Dataset entries:
- - -

Lemma monotone_G_pattern (C B : {set T}) :
  i \notin C -> i \notin B -> (forall k, k \in B -> k \notin C) ->
  F (i |: C) = false -> F (C :|: B) ->
  (forall k, k \in B -> F (k |: (i |: C))) -> (forall k, k \in B -> F ((C :|: B) :\ k) = false) ->
  forall S : {set T}, (forall j, j \notin i |: B -> (j \in S) = (j \in C)) ->
    F S = ((i \in S) && [exists k in B, k \in S]) || (B \subset S).
Proof.
move=> iC iB BC F_iC F_CB F_kiC F_CBk S HS.
have C_S j : j \in C -> j \in S.
  move=> jC; rewrite HS // in_setU1 negb_or; apply/andP; split.
    by apply: contraNneq iC => <-.
  by apply: contraTN jC; apply: BC.
have S_C j : j \in S -> j \notin i |: B -> j \in C by move=> jS /HS <-.
case: (boolP (B \subset S)) => BS; rewrite ?orbT ?orbF.
  by apply: F_mono F_CB; rewrite subUset BS andbT; apply/subsetP.
case: (boolP (i \in S)) => iS /=.
  case: (boolP [exists k in B, k \in S]) => [/exists_inP [k kB kS]|/exists_inPn noB].
    apply: F_mono (F_kiC k kB); apply/subsetP => j.
    by rewrite !in_setU1 => /or3P [/eqP ->|/eqP ->|/C_S].
  apply: contraFF F_iC; apply: F_mono; apply/subsetP => j jS; rewrite in_setU1.
  case: (eqVneq j i) => //= ji; apply: S_C => //.
  by rewrite in_setU1 negb_or ji; apply: contraTN jS; apply: noB.
case/subsetPn: BS => k0 k0B k0S; apply: contraFF (F_CBk k0 k0B); apply: F_mono.
apply/subsetP => j jS; rewrite in_setD1 in_setU; apply/andP; split.
  by apply: contraNneq k0S => <-.
case: (boolP (j \in B)) => jB; rewrite ?orbT // orbF; apply: S_C => //.
by rewrite in_setU1 negb_or jB andbT; apply: contraNneq iS => <-.
Qed.

Hypothesis i_dominant : forall (C : {set T}) k,
  C \subset U -> k \in U -> i \notin C -> k \notin C ->
  F (k |: C) -> F (i |: C).
Hypothesis iU : i \in U.
Hypothesis F_i : F [set i] = false.
Hypothesis F_Ui : F (U :\ i).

- - -

■ Task prompt
Whatever appears in the lines above should be copied exactly.

■ Response for this exercise
Lemma monotone_G_pattern (C B : {set T}) :
  i \notin C -> i \notin B -> (forall k, k \in B -> k \notin C) ->
  F (i |: C) = false -> F (C :|: B) ->
  (forall k, k \in B -> F (k |: (i |: C))) -> (forall k, k \in B -> F ((C :|: B) :\ k) = false) ->
  forall S : {set T}, (forall j, j \notin i |: B -> (j \in S) = (j \in C)) ->
    F S = ((i \in S) && [exists k in B, k \in S]) || (B \subset S).
Proof.
move=> iC iB BC F_iC F_CB F_kiC F_CBk S HS.
have C_S j : j \in C -> j \in S.
  move=> jC; rewrite HS // in_setU1 negb_or; apply/andP; split.
    by apply: contraNneq iC => <-.
  by apply: contraTN jC; apply: BC.
have S_C j : j \in S -> j \notin i |: B -> j \in C by move=> jS /HS <-.
case: (boolP (B \subset S)) => BS; rewrite ?orbT ?orbF.
  by apply: F_mono F_CB; rewrite subUset BS andbT; apply/subsetP.
case: (boolP (i \in S)) => iS /=.
  case: (boolP [exists k in B, k \in S]) => [/exists_inP [k kB kS]|/exists_inPn noB].
    apply: F_mono (F_kiC k kB); apply/subsetP => j.
    by rewrite !in_setU1 => /or3P [/eqP ->|/eqP ->|/C_S].
  apply: contraFF F_iC; apply: F_mono; apply/subsetP => j jS; rewrite in_setU1.
  case: (eqVneq j i) => //= ji; apply: S_C => //.
  by rewrite in_setU1 negb_or ji; apply: contraTN jS; apply: noB.
case/subsetPn: BS => k0 k0B k0S; apply: contraFF (F_CBk k0 k0B); apply: F_mono.
apply/subsetP => j jS; rewrite in_setD1 in_setU; apply/andP; split.
  by apply: contraNneq k0S => <-.
case: (boolP (j \in B)) => jB; rewrite ?orbT // orbF; apply: S_C => //.
by rewrite in_setU1 negb_or jB andbT; apply: contraNneq iS => <-.
Qed.

Hypothesis i_dominant : forall (C : {set T}) k,
  C \subset U -> k \in U -> i \notin C -> k \notin C ->
  F (k |: C) -> F (i |: C).
Hypothesis iU : i \in U.
Hypothesis F_i : F [set i] = false.
Hypothesis F_Ui : F (U :\ i).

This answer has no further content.